Fenris did not, he decided, have much right to complain on the grounds of cleanliness—certainly not here, in this infrequently-used room set off his main hall, where the fire was warm and bright enough to illuminate almost every piece of long-broken furniture—and after a moment he forgot his unvoiced protest in favor of the blurry bird on the back of Donnic's left foot. His toes had a fine dusting of dark hair across their backs, and Fenris found himself both fascinated and vaguely baffled by the sight of them.
"That," he said at last, "is a pigeon."
"It is not. It's a falcon."
"A dying pigeon."
"Aveline says it's a falcon."
"Aveline is a kind woman."
"Shut up, serah, and deal the hand."
"As soon as you remove your foot from my table, guardsman."
—
"I have only recently learned to read," Fenris admitted later, placing two more bottles of wine on the table.
"I saw the children's primer by the stairs," Donnic told him, shuffling his winning hand into the deck. "Besides, you never return any letters."
"Perhaps it's their author."
"Or the penmanship," Donnic said, and dealt.
—
"I'm in love with my wife."
"That is no secret."
"No," Donnic agreed, "but it's true."
—
"I am," Fenris started, then fell silent. One of his hands still splayed open on his cards; he could see the Lady's eye twinkling up at him above the join of his thumb and forefinger. "I am," he said again, and then, "you," and then, "Hawke—"
Donnic shook his head, tipping the bottle until red wine spilled out into Fenris's half-empty glass. "Keep that one," he said. "Other ears need to hear it first."
Fenris said nothing, and when his glass was full he lifted it to his lips and drained it dry.
—
He did not know the time. Somewhere near three, he thought, late enough to be early and early enough that not even the Chantry bells would ring the hour. Donnic had retired to the sofa with the sagging center cushion, his legs stretched out to the dying fire as he stared meditatively at his still-bare left foot. He shifted his toes in the flickering shadows and the falcon-pigeon flapped its wings; Fenris blinked the image away, blinked again at a world gone blurry, and sighed, returning his waning attention to the single-handed game of Wicked Grace he'd begun against himself.

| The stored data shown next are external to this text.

Lemma sup_le_nonneg (S : set R) (b : R) : 0 <= b -> ubound S b -> sup S <= b.
Proof.
move=> b_ge0 Sb; have [[r Sr]|/set0P/negP] := pselect (S !=set0).
  by apply: ge_sup; first exists r.
by rewrite negbK => /eqP ->; rewrite sup0.
Qed.

Lemma sup_ge0 (S : set R) : (forall r, S r -> 0 <= r) -> 0 <= sup S.
Proof.
move=> S_ge0; have [S_sup|/sup_out ->] // := pselect (has_sup S).
have [r Sr] := S_sup.1.
exact: le_trans (S_ge0 _ Sr) (sup_upper_bound S_sup Sr).
Qed.

Variables X Y : normedModType R.
Implicit Types (f g T : X -> Y) (x y z : X).

Lemma lipn_ge0 f : 0 <= lipn f.
Proof. by apply: sup_ge0 => r [x [y [_ ->]]]; rewrite divr_ge0. Qed.

Lemma ler_lipn f : is_lip0 f -> forall x y, `|f x - f y| <= lipn f * `|x - y|.
Proof.
case=> _ [k f_k] x y; have [->|xy] := eqVneq x y.
  by rewrite !subrr !normr0 mulr0.
have xy_gt0 : 0 < `|x - y| by rewrite normr_gt0 subr_eq0.
rewrite -ler_pdivrMr //; apply: sup_upper_bound; last by exists x, y.
split; first by exists (`|f x - f y| / `|x - y|), x, y.
by exists k => r [a [b [ab ->]]]; rewrite ler_pdivrMr ?normr_gt0 ?subr_eq0.
Qed.

Lemma lipn_le f (b : R) :
  0 <= b -> (forall x y, `|f x - f y| <= b * `|x - y|) -> lipn f <= b.
Proof.
move=> b_ge0 f_b; apply: sup_le_nonneg => // r [x [y [xy ->]]].
by rewrite ler_pdivrMr ?normr_gt0 ?subr_eq0.
Qed.

Lemma ler_lipn_shift f z x : is_lip0 f -> `|f (z + x) - f x| <= lipn f * `|z|.
Proof. by move=> f_lip; rewrite (le_trans (ler_lipn f_lip _ _)) // addrK. Qed.

Lemma lip0D f g : is_lip0 f -> is_lip0 g -> is_lip0 (f \+ g).
Proof.
move=> f_lip g_lip; split; first by rewrite /= (proj1 f_lip) (proj1 g_lip) addr0.
exists (lipn f + lipn g) => x y; rewrite opprD addrACA mulrDl.
by apply: le_trans (ler_normD _ _) _; apply: lerD; apply: ler_lipn.
Qed.

Lemma lip0N f : is_lip0 f -> is_lip0 (\- f).
Proof.
case=> f0 [k f_k]; split; first by rewrite /= f0 oppr0.
by exists k => x y; rewrite /= -opprD normrN.
Qed.

Lemma opn_ge0 T : 0 <= opn T.
Proof. by apply: sup_ge0 => r [x [_ ->]]. Qed.

Lemma opn_le T (b : R) : (forall x, `|x| <= 1 -> `|T x| <= b) -> opn T <= b.
Proof.
move=> T_b; apply: ge_sup; first by exists `|T 0|, 0; rewrite normr0.
by move=> r [x [x_le1 ->]]; apply: T_b.
Qed.

Lemma lin_map0 T : lin_map T -> T 0 = 0.
Proof.
move=> T_lin; have := T_lin 1 0 0; rewrite addr0 !scale1r => /esym/eqP.
by rewrite -subr_eq0 addrK => /eqP.
Qed.

Lemma lin_mapB T : lin_map T -> forall x y, T (x - y) = T x - T y.
Proof. by move=> T_lin x y; rewrite addrC -scaleN1r T_lin scaleN1r addrC. Qed.

Lemma ler_opn T : is_bdd_lin T -> forall x, `|T x| <= opn T * `|x|.
Proof.
case=> T_lin [k T_k] x; have [->|x_neq0] := eqVneq x 0.
  by rewrite lin_map0 // !normr0 mulr0.
have x_gt0 : 0 < `|x| by rewrite normr_gt0.
rewrite -ler_pdivrMr //; apply: sup_upper_bound.
  split; first by exists `|T 0|, 0; rewrite normr0.
  exists (Num.max k 0) => r [v [v_le1 ->]]; apply: le_trans (T_k v) _.
  have k_le : k <= Num.max k 0 by rewrite le_max lexx.
  rewrite -[leRHS]mulr1; apply: le_trans (ler_wpM2r (normr_ge0 v) k_le) _.
  by rewrite ler_wpM2l // le_max lexx orbT.
exists (`|x|^-1 *: x); split; first by rewrite normfZV.
by rewrite -[_ *: x]addr0 T_lin lin_map0 // addr0 normrZ ger0_norm ?invr_ge0 // mulrC.
Qed.

Lemma lin_map_diffB f T : lin_map T ->
  forall x y, (f \- T) x - (f \- T) y = (f x - f y) - T (x - y).
Proof. by move=> T_lin x y; rewrite lin_mapB //= !opprD !opprK addrACA. Qed.

Lemma bdd_lin_lip0 T : is_bdd_lin T -> is_lip0 T.
Proof.
move=> T_bdd; split; first exact: lin_map0 (proj1 T_bdd).
by exists (opn T) => x y; rewrite -lin_mapB ?ler_opn //; case: T_bdd.
Qed.

Lemma supn_le g (b : R) : (forall x, `|g x| <= b) -> supn g <= b.
Proof.
move=> g_b; apply: ge_sup; first by exists `|g 0|, 0.
by move=> r [x ->].
Qed.

End Norms.

Section InvariantMeanProjection.
Variables (R : realType) (X Y : normedModType R) (M : (X -> Y) -> Y).
Hypothesis M_mean : gen_inv_mean M.
Implicit Types (f g T : X -> Y) (x z w : X).

Lemma shift_diff_bdd f z : is_lip0 f -> is_bdd (fun x => f (z + x) - f x).
Proof. by move=> f_lip; exists (lipn f * `|z|) => x; apply: ler_lipn_shift. Qed.

Lemma normPXY_le f z : is_lip0 f -> `|PXY M f z| <= lipn f * `|z|.
Proof.
case: M_mean => _ M_norm _ _ _ f_lip.
apply: le_trans (M_norm _ (shift_diff_bdd z f_lip)) _.
by apply: supn_le => x; apply: ler_lipn_shift.
Qed.

Lemma PXYD f : is_lip0 f -> {morph PXY M f : z w / z + w}.
Proof.
case: M_mean => M_lin _ _ M_inv _ f_lip z w; rewrite /PXY.
pose dz x := f (z + x) - f x.
have -> : (fun x => f (z + w + x) - f x) =
    (fun x => 1 *: dz (w + x) + (f (w + x) - f x)).
  by apply: funext => x; rewrite scale1r /dz !addrA subrK.
have dz_bdd : is_bdd dz := shift_diff_bdd z f_lip.
have dzw_bdd : is_bdd (fun x => dz (w + x)) by have [k dz_k] := dz_bdd; exists k.
by rewrite (M_lin 1 _ _ dzw_bdd (shift_diff_bdd w f_lip)) scale1r M_inv.
Qed.

Lemma PXY_bdd_lin f : is_lip0 f -> is_bdd_lin (PXY M f).
Proof.
move=> f_lip; split; last by exists (lipn f) => z; apply: normPXY_le.
by apply: additive_bounded_lin_map (PXYD f_lip) _ => z; apply: normPXY_le.
Qed.

Lemma PXY_lin_id T : is_bdd_lin T -> PXY M T = T.
Proof.
case=> T_lin _; case: M_mean => _ _ _ _ M_cst; apply: funext => z; rewrite /PXY.
have -> : (fun x => T (z + x) - T x) = (fun _ => T z).
  by apply: funext => x; rewrite -{1}[z]scale1r T_lin scale1r addrK.
exact: M_cst.
Qed.

Lemma PXY_comb (a : R) f g : is_lip0 f -> is_lip0 g ->
  PXY M (fun x => a *: f x + g x) = (fun z => a *: PXY M f z + PXY M g z).
Proof.
case: M_mean => M_lin _ _ _ _ f_lip g_lip; apply: funext => z; rewrite /PXY.
have -> : (fun x => (a *: f (z + x) + g (z + x)) - (a *: f x + g x)) =
    (fun x => a *: (f (z + x) - f x) + (g (z + x) - g x)).
  by apply: funext => x; rewrite scalerBr opprD addrACA.
by rewrite M_lin //; apply: shift_diff_bdd.
Qed.

Lemma PXY_sub_PXY f : is_lip0 f -> PXY M (f \- PXY M f) = (fun _ => 0).
Proof.
move=> f_lip; have P_bdd := PXY_bdd_lin f_lip.
have -> : f \- PXY M f = (fun x => (-1) *: PXY M f x + f x).
  by apply: funext => x; rewrite scaleN1r addrC.
rewrite (PXY_comb _ (bdd_lin_lip0 P_bdd) f_lip) (PXY_lin_id P_bdd).
by apply: funext => z; rewrite scaleN1r addNr.
Qed.

Lemma PXY_lin_add T g : is_bdd_lin T -> is_lip0 g -> PXY M g = (fun _ => 0) ->
  PXY M (T \+ g) = T.
Proof.
move=> T_bdd g_lip Pg0; have -> : T \+ g = (fun x => 1 *: T x + g x).
  by apply: funext => x; rewrite scale1r.
rewrite (PXY_comb _ (bdd_lin_lip0 T_bdd) g_lip) (PXY_lin_id T_bdd) Pg0.
by apply: funext => z; rewrite scale1r addr0.
Qed.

Two Songs and the Knight of Mercy, and no help at all from the gloating purple harlequins dancing over the deck. He drew a card.
"Anyone home?"
Aveline's voice was loud and too cheerful for the hour, and Donnic rolled to a sitting position with a sudden look of alarm. "Here!" he called, scrubbing one hand over his face; Aveline strode through the open door, Hawke behind her, and Donnic lurched abruptly to his feet. "Captain! Aveline." He wavered a bit and Aveline gripped his shoulder; then he focused on her face, and he said, more tenderly, "Hello, my dear."
She leaned closer, smiling, shaking her head, and Fenris glanced away as Hawke bumped his chair with her hip. "Good evening?" she asked, nodding at the haphazard pile of empty bottles and abandoned, wine-thumbed cards.
"Good enough," Fenris said, and tossed his hand to the table as he stood. "And yours?"
"Good enough," parroted Hawke, reaching to touch the cards he'd thrown down. "The Angel of Death. Game's over, I suppose."
Donnic looked over then, more intently and lucidly than Fenris thought he had a right to, especially considering the arm he'd slung heavily over his wife's shoulders to remain upright. "And you know what that means," he stated, his voice serious—and then he smiled. "You must show your hand."
"What did he mean?" Hawke asked later, once Aveline had coaxed her unsteady husband out the door at last, his forgotten boot dangling from her free hand.
"That," Fenris said, suppressing a smirk, turning to gather the cards that had lost and won him the hand at once, "is a secret."